Natural food resources are all around us, but the availability of an easy-to-get resource is often unrealized in cold, winter months.

Each year, staff from Hamilton Co. Parks & Recreation uses their skills in the outdoors to literally tap into nature for a sweet treat – maple syrup – within properties and parks owned by the department, particularly its newest park, Bray Family Homestead at 4528 Sheridan Rd. in Noblesville.

Hundreds of gallons of sap from maple trees are collected in the prime season, from late winter to March, or when temperatures drop below freezing at night and rise above freezing during the day.

Dan Popiela, a naturalist for the parks and rec department, who was hired nearly eight years ago for natural resource interpretation, has been tapping sugar maple trees since he started his job.

In an area known as Sugar Grove within the park, guests of the annual Maple Syrup Program, this year on March 5, will learn each step in the syrup-making process in a guided tour through Sugar Grove. The tour will show how to tap into the trees, then how the sap is boiled down to syrup inside the Sugar Shack. In the final stops of the tour, guests will learn about the history of the Bray family on the homestead, as well as Native American ties to tapping the trees in the Hamilton Co. area, with a final stop at the Sugar Shop, where maple products will be available for sale.

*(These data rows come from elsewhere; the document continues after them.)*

Lemma prodV_face v : prodV a (faceV sigma x v) = prodV face_arrow v.
Proof.
pose d := pvtx a x ord0.
rewrite (prodV_iota _ d) (prodV_iota _ d) -flatten_all_blocks map_flatten.
rewrite -(vprod_flatten d) ?size_map ?size_iota ?blocks_nonempty //.
by rewrite (map_pvtx_face_arrow d).
Qed.

Lemma prodA_face e : prodA a (faceA sigma x e) = prodA face_arrow e.
Proof.
pose d := pvtx a x ord0; have le_ik : e.1 <= k by rewrite -ltnS.
rewrite !prodA_iota (src_faceA sigma_inj) [(faceA _ _ _).1]/=.
have le_left : 0 + e.1 <= k.+1 by lia.
have le_right : e.1.+1 + (k - e.1) <= k.+1 by lia.
rewrite (map_pvtx_face_arrow d _ le_left) (map_pvtx_face_arrow d _ le_right).
rewrite (face_arrowE (src e)) muAs_flatten ?blocks_nonempty //.
rewrite -!map_flatten -!map_cat (flatten_blocks le_left) (flatten_blocks le_right).
have -> : e.1.+1 + (k - e.1) = k.+1 by lia.
by rewrite add0n block_start0 subn0 iota_fixed_before iota_fixed_after // sigma_natE.
Qed.

End ProductFace.
End Blocks.

Theorem mainTheorem4 (Q : mgraph) (n k : nat) (c : cube Q n)
    (hc : is_product_cube c)
    (sigma : 'I_k.+1 -> 'I_n.+1)
    (hsigma : forall i j : 'I_k.+1, (i < j)%N -> (sigma i < sigma j)%N)
    (x : {ffun 'I_n.+1 -> bool}) :
  is_product_cube_maps (restrV c sigma x) (restrA c sigma x).
Proof.
have [a [cV cA]] := hc.
exists (face_arrow sigma a x); split=> [v|e].
- by rewrite /restrV cV (prodV_face hsigma).
- by rewrite /restrA cA (prodA_face hsigma).
Qed.
Theorem corollary1 (R : realFieldType) (T : finType) (e : rel T) (D : nat)
  (c : nat -> R) :
  (3 <= D)%N ->
  simple_graph e -> connected_graph e -> max_degree_eq e D ->
  ~ is_complete e D.+1 ->
  0 < c D -> c D <= 2 / (2 * D%:R + 1) ->
  (forall i : nat, (1 <= i)%N -> (i <= D - 1)%N ->
     c i = Num.min ((1 - c i.+1) / i%:R) (2 / (2 * i%:R + 1))) ->
  \sum_(1 <= i < D.+1) c i * (#|Vdeg e i|)%:R <= (alpha e)%:R.
Proof.
move=> _ [e_sym e_irr] conn [deg_le [w degw]] not_complete _ cD_bound c_rec.
have ncc x : ~~ clique_component e [set: T] x.
  apply/negP => /(connected_clique_component_complete e_sym e_irr w conn).
  by rewrite degw.
have deg_range x : (1 <= deg e x < D.+1)%N.
  rewrite ltnS deg_le andbT lt0n -degree_in_setT.
  by apply: contra (ncc x) => /eqP; apply: clique_component_degree0.
rewrite sum_card_Vdeg // alpha_in_setT.
rewrite (eq_big [in [set: T]] (fun x => c (degree_in e [set: T] x))) => [||x _].
- apply: (sum_weights_le_alpha_in e_sym e_irr _ _ _ deg_le) => //.
  + exact: recursive_weight_antimono.
  + exact: recursive_weight_step.
  + exact: recursive_weight_bound.
- by move=> x; rewrite in_setT.
- by rewrite degree_in_setT.
Qed.
Definition unique_minimizer p (f : 'cV[R]_p -> R) (a : 'cV[R]_p) : Prop :=
  (forall b, f a <= f b) /\ (forall b, f b <= f a -> b = a).

End Defs.

From HB Require Import structures.
From mathcomp Require Import all_boot all_order all_algebra.
From mathcomp Require Import reals trigo.
From mathcomp Require Import topology normedtype derive realfun.
From mathcomp Require Import ring lra.
Import Order.TTheory GRing.Theory Num.Theory.
Import numFieldNormedType.Exports.
Local Open Scope ring_scope.
Set Implicit Arguments. Unset Strict Implicit. Unset Printing Implicit Defensive.

(* On its support J the Lasso stationarity condition is the linear system
   defining alpha_hat, so alpha_hat is the unique minimiser as soon as it has
   the signs of alpha_0 on J, every column off J correlates with its residual
   by strictly less than lambda, and D_J is injective.  All three follow from
   the Gram matrix G = D_J^T D_J having unit diagonal and off-diagonal entries
   at most the coherence mu, whence (1 - k mu) |y|_oo <= |G y|_oo.  With
   Q^2 = 1 / (1 - k mu) this gives
   |alpha_hat_J - alpha_0,J|_oo < lambda Q^2 (3 - Q^2) <= 9/4 lambda,
   and off J a correlation below lambda (2 - Q^2) + lambda k mu Q^2 = lambda.
   Along the curve the columns of D(t') stay unit vectors, and since
   |sin (v_j t')| <= t' each of the three cross terms involving W adds at most
   t' to the coherence, so mu(D(t')) <= mu_0 + 3 t' <= mu(t). *)

Lemma sumr_indicator (R : pzSemiRingType) (T : finType) (e : T) (F : T -> R) :
  \sum_j (j == e)%:R * F j = F e.
Proof.
rewrite (bigD1 e) //= eqxx mul1r big1 ?addr0 // => j /negbTE ->.
by rewrite mul0r.
Qed.

Lemma sgr_mul_eq_norm (R : realDomainType) (a y : R) :
  `|y - a| < `|a| -> Num.sg a * y = `|y|.
Proof.
case: (ltrgt0P a) => [a_gt0|a_lt0|_]; last by rewrite ltNge normr_ge0.
- by rewrite gtr0_sg // mul1r ltr_norml => /andP[? ?]; rewrite gtr0_norm //; lra.
- by rewrite ltr0_sg // mulN1r ltr_norml => /andP[? ?]; rewrite ltr0_norm //; lra.
Qed.

Lemma sgr_le1 (R : realDomainType) (a : R) : `|Num.sg a| <= 1.
Proof. by rewrite normr_sg; case: (a != 0). Qed.

Lemma ler_mul3B (R : realFieldType) (q l : R) : 0 <= l -> q * (l * (3 - q)) <= 9 / 4 * l.
Proof.
move=> l_ge0; rewrite -subr_ge0.
have -> : 9 / 4 * l - q * (l * (3 - q)) = l * (q - 3 / 2) ^+ 2 by field.
by rewrite mulr_ge0 ?sqr_ge0.
Qed.

Lemma normrM3_le (R : realDomainType) (a b c A B C : R) :
  `|a| <= A -> `|b| <= B -> `|c| <= C -> `|a * b * c| <= A * B * C.
Proof.
move=> aA bB cC; rewrite !normrM.
by apply: ler_pM; rewrite ?mulr_ge0 //; apply: ler_pM.
Qed.

Lemma abs_sin_le (R : realType) (x : R) : `|sin x| <= `|x|.
Proof.
wlog x_ge0 : x / 0 <= x.
  move=> le_sin; case: (leP 0 x) => [|/ltW]; first exact: le_sin.
  by rewrite -oppr_ge0 => /le_sin; rewrite sinN !normrN.
have [c _ mvt] : exists2 c, c \in `[0, x]%R & sin x - sin 0 = cos c * (x - 0).
  apply: MVT_segment x_ge0 (fun y _ => is_derive_sin y) _.
  by apply/continuous_subspaceT => ?; exact: continuous_sin.
move: mvt; rewrite sin0 !subr0 => ->.
by rewrite normrM -[X in _ <= X]mul1r ler_wpM2r // cos_max.
Qed.

Section DiagonallyDominant.
Variables (R : realFieldType) (n : nat) (G : 'M[R]_n) (mu : R).
Hypotheses (G_diag : forall i, G i i = 1)
  (G_offdiag : forall i j, i != j -> `|G i j| <= mu) (mu_ge0 : 0 <= mu).

(* Look at an index where [|y i|] is maximal: there the diagonal term dominates. *)
Lemma diag_dominant_mul_ge (y : 'cV[R]_n) : n%:R * mu <= 1 ->
  forall i, exists i0, (1 - n%:R * mu) * `|y i 0| <= `|(G *m y) i0 0|.
Proof.
move=> nmu i.
have [i0 _ y_max] := @arg_maxP _ _ _ i xpredT (fun j => `|y j 0|) erefl.
exists i0; set M := `|y i0 0| in y_max *.
have off_le : `|\sum_(j | j != i0) G i0 j * y j 0| <= n%:R * mu * M.
  apply: le_trans (ler_norm_sum _ _ _) _.
  apply: (@le_trans _ _ (\sum_(j | j != i0) mu * M)).
    apply: ler_sum => j ji0; rewrite normrM; apply: ler_pM => //; last exact: y_max.
    by apply: G_offdiag; rewrite eq_sym.
  apply: (@le_trans _ _ (\sum_(j < n) mu * M)).
    rewrite [X in _ <= X](bigD1 i0) //= lerDr.
    by apply: mulr_ge0; rewrite // normr_ge0.
  by rewrite sumr_const card_ord -mulrA mulr_natl.
apply: (@le_trans _ _ ((1 - n%:R * mu) * M)).
  by apply: ler_wpM2l; [rewrite subr_ge0 | exact: y_max].
rewrite mxE (bigD1 i0) //= G_diag mul1r mulrBl mul1r.
apply: le_trans (lerB_normD _ _); exact: lerB.
Qed.

Lemma diag_dominant_ler (y : 'cV[R]_n) (B : R) : n%:R * mu <= 1 ->
  (forall i, `|(G *m y) i 0| <= B) -> forall i, (1 - n%:R * mu) * `|y i 0| <= B.
Proof. by move=> nmu Gy_le i; have [i0 /le_trans] := diag_dominant_mul_ge y nmu i; apply. Qed.

Lemma diag_dominant_ltr (y : 'cV[R]_n) (B : R) : n%:R * mu <= 1 ->
  (forall i, `|(G *m y) i 0| < B) -> forall i, (1 - n%:R * mu) * `|y i 0| < B.
Proof. by move=> nmu Gy_lt i; have [i0 /le_lt_trans] := diag_dominant_mul_ge y nmu i; apply. Qed.

Lemma diag_dominant_mul_eq0 (y : 'cV[R]_n) : n%:R * mu < 1 -> G *m y = 0 -> y = 0.
Proof.
move=> nmu Gy0; apply/matrixP => i c; rewrite (ord1 c) mxE.
have : (1 - n%:R * mu) * `|y i 0| <= 0.
  by apply: diag_dominant_ler (ltW nmu) _ _ => j; rewrite Gy0 mxE normr0.
by rewrite pmulr_rle0 ?subr_gt0 // normr_le0 => /eqP.
Qed.

End DiagonallyDominant.

Lemma diag_dominant_unitmx (R : realFieldType) n (G : 'M[R]_n) (mu : R) :
  (forall i, G i i = 1) -> (forall i j, i != j -> `|G i j| <= mu) ->
  0 <= mu -> n%:R * mu < 1 -> G \in unitmx.
Proof.
move=> G_diag G_offdiag mu_ge0 nmu; rewrite -row_free_unit.
apply: inj_row_free => w wG0; apply: trmx_inj; rewrite trmx0.
apply: (diag_dominant_mul_eq0 (G := G^T) (mu := mu)) => //.
- by move=> i; rewrite mxE.
- by move=> i j ij; rewrite mxE; apply: G_offdiag; rewrite eq_sym.
- by rewrite -trmx_mul wG0 trmx0.
Qed.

The Bray family, who owned the land for 160 years, tapped trees for their own personal use.

“There’s a lot of value behind (making syrup), you know, just your local history, knowing who the people were and how they used to live,” Popiela said. “It also ties in the value behind trees. We all talk about how we get the fresh air from the trees, and they shade our houses, but it’s a food source. This is something that you can do yourself. It shows why it’s important to take care of our resources.”

Present-day members of the Bray family donated the 92-acre park to the county in 2007. Now, the park is still in development, with future plans of trail systems, overlooks and feeding areas, currently boasting its wildflowers, new community gardens and, of course, maple syrup resources.

“Up until the arrival of the pioneers, it was really difficult to make maple syrup because (Native Americans) didn’t have the big, iron kettles, just bark baskets and clay pottery,” Popiela said.

It is believed that Native Americans knew when to tap the trees for sap by watching the holes made by woodpeckers.

“Another thing that really promoted maple sugar was it was very patriotic during the Revolutionary War. (They thought), ‘Let’s buy American-made sugar and not the European cane sugar.’ Then, then Civil War, it was the free man’s sugar. Up until the 1860s, maybe 1870s, maple sugar was cheaper than cane sugar,” he said. “Today, it’s just a couple of dollars for a five-pound bag of sugar, and you don’t event find maple sugar in the store. It’s like 10 bucks for just a bottle of maple syrup. Back then, it was the other way around.”

Popiela said there are many other uses for maple sap other than syrup for pancakes, including sugar, maple cream, barbeque sauce, cotton candy, jelly and more, adding that one of his favorite uses for syrup is to put it over vanilla ice cream.

“That’s what I like about the sugar shop. We actually print off some recipes that people can take home. Any recipe that calls for sugar, you put maple sugar in it, and it just, I think, changes the flavor and makes it a more enjoyable (dessert),” he said. “It’s all natural, and it’s an American-made product – well, North American.”

To register for the free Maple Syrup Program from 10 a.m. to 1 p.m. March 5, email [email protected], or call 774-2500. For more, visit myhamiltoncountyparks.com.

 

HISTORY OF THE BRAY FAMILY HOMESTEAD

  • 1815 – As Quakers, and committed to the abolishment of slavery, the Bray family moves north from North Carolina.
  • 1816 – Indiana is admitted into the Union as a state.
  • 1836 – The Bray family settles in Hamilton Co.
  • 1841 – Henry Bray settles on the property where the park is established today.
  • 2007 – Current Bray family members donate the Bray Family Homestead Park to Hamilton Co.